A psalm unites 1938, 2003 and 2012. In The Sound of Music the Von Trapps are given hope when the Abbess quotes the first verse of Psalm 121: “I will lift up my eyes to the hills”. In 2003, as a new Cathedral Canon, I was casting about for a psalm to use on the outbreak of war, and it was the only one I could think of. From where was help to come? “My help shall come from the Lord, who has made heaven and earth.” The choir sang it to the chant we have just heard. I broke down, knowing I had met military personnel in York who would be involved. And I cried for the many many innocent people who would suffer in unimaginable ways.
In Jerusalem in 2012 I asked our guide about the psalms sung by pilgrims as they climbed them. The Psalms of Ascent are from 120 – 134. Our guide offered to read one in Hebrew. He said it was number 121. I broke down, thinking of all the times I had clung on to it when desperate or uncertain or down, or agonising within a dreadful situation. On steps where Jesus’s feet had trod, a psalm which predated him by 1000 years sang into a new millennium with a message of God’s presence within and despite and because of such brokenness and devastation. “The Lord will keep your life”.
That is a statement of faith, especially in times when such hope is shaded by the darkness of violence and despair. The Psalm rests on the belief that when there is conflagration and agony, God has not disappeared, and indeed is all the more present. At times of greatest desperation we need to know that God is not absent, that God knows, that God enfolds it all.
Today is the Feast of Christ the King. It reassures me to know that this feast was created not centuries ago in a time of stability an ease, but in 1926, its own time of rising tension, civil unrest, the uprising of the oppressed across the world, economic challenge, depression, fear and gloom. In the middle of all this the church proclaims that the ultimate ruler of all things is Christ, the image of the invisible God, the first born from the dead. In such a time it is a statement of profound faith, because such hope is itself invisible, unseen.

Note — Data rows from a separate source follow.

Lemma hsimplex_ext N (c c' : 'I_N.+1 -> bool) : c =1 c' -> hsimplex c = hsimplex c'.
Proof.
move=> Ec; apply: sMap_eq => k [x psi] /=; rewrite /hsimplex_fn /=.
by congr (fn g (fn H (_, _), _)); apply/ffunP => i; rewrite !ffunE Ec.
Qed.

Lemma act_hsimplex N N' (psi : hom N' N) c :
  act psi (hsimplex c) = hsimplex (fun i => c (hfun psi i)).
Proof.
apply: sMap_eq => k [x phi] /=; rewrite /hsimplex_fn /=.
by congr (fn g (fn H (_, _), _)); apply/ffunP => i; rewrite !ffunE hcompE.
Qed.

Lemma hsimplex_false : hsimplex (fun _ : 'I_1 => false) = g.
Proof.
apply: sMap_eq => k [x psi] /=; rewrite /hsimplex_fn /=.
by rewrite H0 (hom_to0_eq psi (hconst k)).
Qed.

Lemma hsimplex_true : hsimplex (fun _ : 'I_1 => true) = precomp0 r g.
Proof.
apply: sMap_eq => k [x psi] /=; rewrite /hsimplex_fn /=.
by rewrite H1 (hom_to0_eq psi (hconst k)).
Qed.

Definition hedge01 := hsimplex (fun i : 'I_2 => val i == 1).
Definition hedge10 := hsimplex (fun i : 'I_2 => val i == 0).
Definition htriangle010 := hsimplex (fun i : 'I_3 => val i == 1).
Definition htriangle101 := hsimplex (fun i : 'I_3 => val i != 1).

Local Ltac ord_cases := move=> [[|[|[|]]] ?] //=; rewrite ?mk_homE /= /bump ?inordK.

Lemma hedge01_ends : esrc hedge01 = g /\ etgt hedge01 = precomp0 r g.
Proof.
rewrite /esrc /etgt /hedge01 !act_hsimplex -hsimplex_true -hsimplex_false.
by split; apply: hsimplex_ext; ord_cases.
Qed.

Lemma hedge10_ends : esrc hedge10 = precomp0 r g /\ etgt hedge10 = g.
Proof.
rewrite /esrc /etgt /hedge10 !act_hsimplex -hsimplex_true -hsimplex_false.
by split; apply: hsimplex_ext; ord_cases.
Qed.

Lemma htriangle010_faces :
  [/\ tface 2 htriangle010 = hedge01, tface 0 htriangle010 = hedge10
    & tface 1 htriangle010 = edeg g].
Proof.
rewrite -hsimplex_false /tface /edeg /htriangle010 /hedge01 /hedge10 !act_hsimplex.
by split; apply: hsimplex_ext; ord_cases.
Qed.

Lemma htriangle101_faces :
  [/\ tface 2 htriangle101 = hedge10, tface 0 htriangle101 = hedge01
    & tface 1 htriangle101 = edeg (precomp0 r g)].
Proof.
rewrite -hsimplex_true /tface /edeg /htriangle101 /hedge01 /hedge10 !act_hsimplex.
by split; apply: hsimplex_ext; ord_cases.
Qed.

Lemma homotopy_tau1_iso : tau1_iso (precomp0 r g) g.
Proof.
have [s01 t01] := hedge01_ends; have [s10 t10] := hedge10_ends.
have [A2 A0 A1] := htriangle010_faces; have [B2 B0 B1] := htriangle101_faces.
exists [:: hedge10], [:: hedge01]; rewrite !cat1s; split => //.
- rewrite -B2 -B0; apply: hequiv_triangle_id => //.
  by rewrite B2 B0; split => //; split; rewrite ?s01 ?t10.
- rewrite -A2 -A0; apply: hequiv_triangle_id => //.
  by rewrite A2 A0; split => //; split; rewrite ?s10 ?t01.
Qed.

End Homotopy.

(* [wce u] unfolds to [forall Z, quasi_category Z -> tau0_bij u Z]. *)
Definition tau0_bij (A B : sSet) (u : sMap A B) (Z : sSet) : Prop :=
  (forall g : FunS A Z 0, exists h : FunS B Z 0, tau1_iso (precomp0 u h) g) /\
  (forall h1 h2 : FunS B Z 0,
     tau1_iso (precomp0 u h1) (precomp0 u h2) -> tau1_iso h1 h2).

We can have faith in this not because I can yet see God’s ultimate purpose in devastation – I honestly can’t – but because I see in the Bible that God’s ultimate declaration of earthly sovereignty comes at the point of Jesus’s ultimate earthly suffering – his death. Was it a surprise to hear the account of the crucifixion as our Gospel reading today? “The King of the Jews” – the text placed on the Cross – was not an ethnic King, as opposed to the King of the Romans, but the King who would bring all the nations together, as prophesied by Isaiah and others. That’s why the devout Jews who did not recognise Jesus found the title so offensive, and why we should kneel in worship. On the Cross, unjustly tried and cruelly killed is the King to whom Kings, Lords and rulers will come and bow down.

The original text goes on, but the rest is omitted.